- Born: 26 January 1957 (age 69) Huyton, England, UK
- Occupations: Television producer; screenwriter;
- Years active: 1984–present
- Spouse: Mari Wilson ​(m. 2014)​
- Children: 1

= Mal Young =

British producer and screenwriter

Mal Young (born 26 January 1957) is a British television producer, screenwriter and executive producer.

==Career==

=== Mersey TV ===
Young began his career in graphic design. At age 27, he began working in television on the Channel 4 soap opera Brookside. Over nearly a decade, he worked his way up from extra to become the show's producer in the early 1990s. His tenure was criticised for taking the show away from its social realist roots towards a more sensationalist, ratings-chasing format. He oversaw the controversial Jordache Body Under The Patio storyline, as well as conceiving the first lesbian kiss on pre-watershed British TV achieving record ratings for the series and for Channel 4. He also co-created and produced his own successful drama series for Channel 4, And the Beat Goes On.

=== Pearson TV ===
Young moved on to become head of drama at the independent production company Pearson Television, where he oversaw work on ITV police drama The Bill and another soap opera, Channel 5's Family Affairs, which he created, and was executive producer on C5's legal drama series, the BAFTA-nominated Wing and a Prayer.

=== BBC ===
From 1997 to 2004, Young moved to the BBC to become the Controller of Continuing Drama Series for the corporation's in-house production arm. In this role, he was responsible for overseeing the organisation's in-house continuing episodic drama series. Programmes he oversaw for the BBC included the soap opera EastEnders; medical dramas Doctors, Casualty, and the latter's spin-off series Holby City, which he co-created; police dramas Dalziel and Pascoe, Waking the Dead, and Merseybeat; anthology shows The Afternoon Play and Murder in Mind; legal drama Judge John Deed; rural-set Down to Earth; comedy-drama Being April; and the revival of the science fiction series Doctor Who, although he had left the BBC by the time the new version of Doctor Who aired in March 2005.

===19Television===
At the end of 2004, Young became head of drama at independent production company 19Television Limited, part of Simon Fuller's 19 Entertainment. Along with former BBC Head of Development Serena Cullen, he was charged with developing new drama formats for the UK and US markets, and split his time between the US and UK. He co-created, wrote, and produced a drama pilot for Fox in March 2007, Born in the USA. He then co-wrote and sold another pilot to The CW in the US, Austin Golden Hour, a real-time medical drama series format for the 2008–2009 season.

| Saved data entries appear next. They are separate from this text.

(* Let $Y$ be a countable linear order, $F=\{a_0<\dots<a_{m-1}\}\in\mathsf{age}(Y)$, and $\alpha$ an ordinal. Then $\mathsf{rk}_Y(F)\ge\alpha$ if and only if $\mathsf{rk}(I_j)\ge\alpha$ for every interval $I_j$ ($0\le j\le m$) of $F$ in $Y$, each interval being regarded as a linear order in its own right. In particular, $\mathsf{rk}_Y(F)=\min\{\mathsf{rk}(I_j):0\le j\le m\}$.
   Context: The intervals of $F=\{a_0<\dots<a_{m-1}\}$ in $Y$ are $I_0=\{y\in Y:y<a_0\}$, $I_k=\{y\in Y:a_{k-1}<y<a_k\}$ for $1\le k\le m-1$, and $I_m=\{y\in Y:y>a_{m-1}\}$; if $F=\emptyset$ there is the single interval $I_0=Y$. Let $\mathcal F$ be the class of finite linear orders (language $\{<\}$); countable linear orders are the structures considered; substructures are suborders and $\mathsf{age}(X)$ is the set of finite suborders of $X$. For $A\le B$, $B$ is a prime extension of $A$ if $|B\setminus A|=1$; a realization of $B$ in $X$ (where $A\le X$) is $C\le X$ with $A\le C$ and an order-isomorphism $B\to C$ fixing $A$ pointwise. For $F\in\mathsf{age}(X)$ define by recursion: $\mathsf{rk}_X(F)\ge0$ always; $\mathsf{rk}_X(F)\ge\alpha+1$ iff every prime extension $B\in\mathcal F$ of $F$ has a realization $C$ in $X$ with $\mathsf{rk}_X(C)\ge\alpha$; for limit $\alpha$, $\mathsf{rk}_X(F)\ge\alpha$ iff $\mathsf{rk}_X(F)\ge\beta$ for all $\beta<\alpha$. $\mathsf{rk}_X(F)=\sup\{\alpha:\mathsf{rk}_X(F)\ge\alpha\}$ (or $\infty$, larger than all ordinals), and $\mathsf{rk}(X)=\mathsf{rk}_X(\emptyset)$. *)

(* Linear orders are types with a strict order relation;
   ordinals are represented by elements of an arbitrary well-ordered type. *)
From Stdlib Require Import List Sorted.
Import ListNotations.

Set Implicit Arguments.

Definition strict_linear_order (X : Type) (lt : X -> X -> Prop) : Prop :=
  (forall x, ~ lt x x) /\
  (forall x y z, lt x y -> lt y z -> lt x z) /\
  (forall x y, lt x y \/ x = y \/ lt y x).

Definition countable_type (X : Type) : Prop :=
  exists f : X -> nat, forall x y, f x = f y -> x = y.

(** Finite subsets (elements of the age, as subsets of X). *)
Definition finite_set (X : Type) (A : X -> Prop) : Prop :=
  exists l : list X, forall x, A x <-> In x l.

Definition finite_type (T : Type) : Prop :=
  exists l : list T, forall t, In t l.

Definition well_order (O : Type) (lt : O -> O -> Prop) : Prop :=
  strict_linear_order lt /\ well_founded lt.

(** [b] is the immediate predecessor of [a], i.e. [a = b + 1]. *)
Definition is_succ_of (O : Type) (lt : O -> O -> Prop) (a b : O) : Prop :=
  lt b a /\ forall g, ~ (lt b g /\ lt g a).

Definition is_zero (O : Type) (lt : O -> O -> Prop) (a : O) : Prop :=
  forall b, ~ lt b a.

Definition is_limit (O : Type) (lt : O -> O -> Prop) (a : O) : Prop :=
  ~ is_zero lt a /\ forall b, lt b a -> exists g, lt b g /\ lt g a.

(** A prime extension of the finite suborder [A] of [X] is a finite linear
    order [(T, ltT)] together with an embedding [e] of [A] onto a suborder of
    [T] (so [A <= T] up to the identification along [e]) such that exactly
    one point of [T] lies outside the image of [e]. *)
Definition prime_extension (X : Type) (ltX : X -> X -> Prop) (A : X -> Prop)
  (T : Type) (ltT : T -> T -> Prop) (e : {x : X | A x} -> T) : Prop :=
  strict_linear_order ltT /\ finite_type T /\
  (forall u v, ltT (e u) (e v) <-> ltX (proj1_sig u) (proj1_sig v)) /\
  (exists t0 : T, forall t, t <> t0 <-> exists u, e u = t).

===The Young and the Restless===
On 31 December 2015, Young cryptically said on his Twitter about what is next for him in 2016, "This year I'm going to be Young and I'm going to be Restless." A few days later, Young sent several other tweets to the Twitter account of the American soap opera, The Young and the Restless, announcing his hiring on the show. It was confirmed by CBS Daytime that Young had been hired as a producer. Young's first episode as a supervising producer aired on 1 February 2016 and his last episode aired on 12 July 2016.

On 8 June 2016, after news of the firing of Y&R executive producer Jill Farren Phelps, came confirmation that Young had replaced Phelps as executive producer of the American soap. His first episode as executive producer aired on 13 July 2016. On 31 July 2017, Daytime Confidential announced that both Kay Alden and Sally Sussman Morina would be departing from the show, with Young being named as the new head writer.

In December 2018, reports were released saying that Young had departed the show as executive producer and head writer. Young's departure was later announced, as was the news of Josh Griffith and Tony Morina taking over his positions as head writer and executive producer, respectively.

In May 2019 at the 46th Daytime Emmy Awards, Young picked up the award for Best Show and Best Writing.

==Personal life==
Young is married to singer Mari Wilson, whom he met at a charity function in 2001.

==Recognition==
In September 1999, Young gave the Huw Weldon Royal Television Society lecture at their Cambridge convention. In July 2004, in a poll of industry experts conducted by Radio Times, he was voted the 9th-most powerful person in television drama. In May 2005, he received a special award for his contribution to television from ITV's Soap Awards. He was the producer of the widely derided Desperate Scousewives. In November 2019, he received a Doctor of Letters (DLitt) from Glasgow Caledonian University in recognition of his outstanding contribution to British television and his support of and commitment to GCU's MA TV Fiction Writing students, where he is a visiting professor.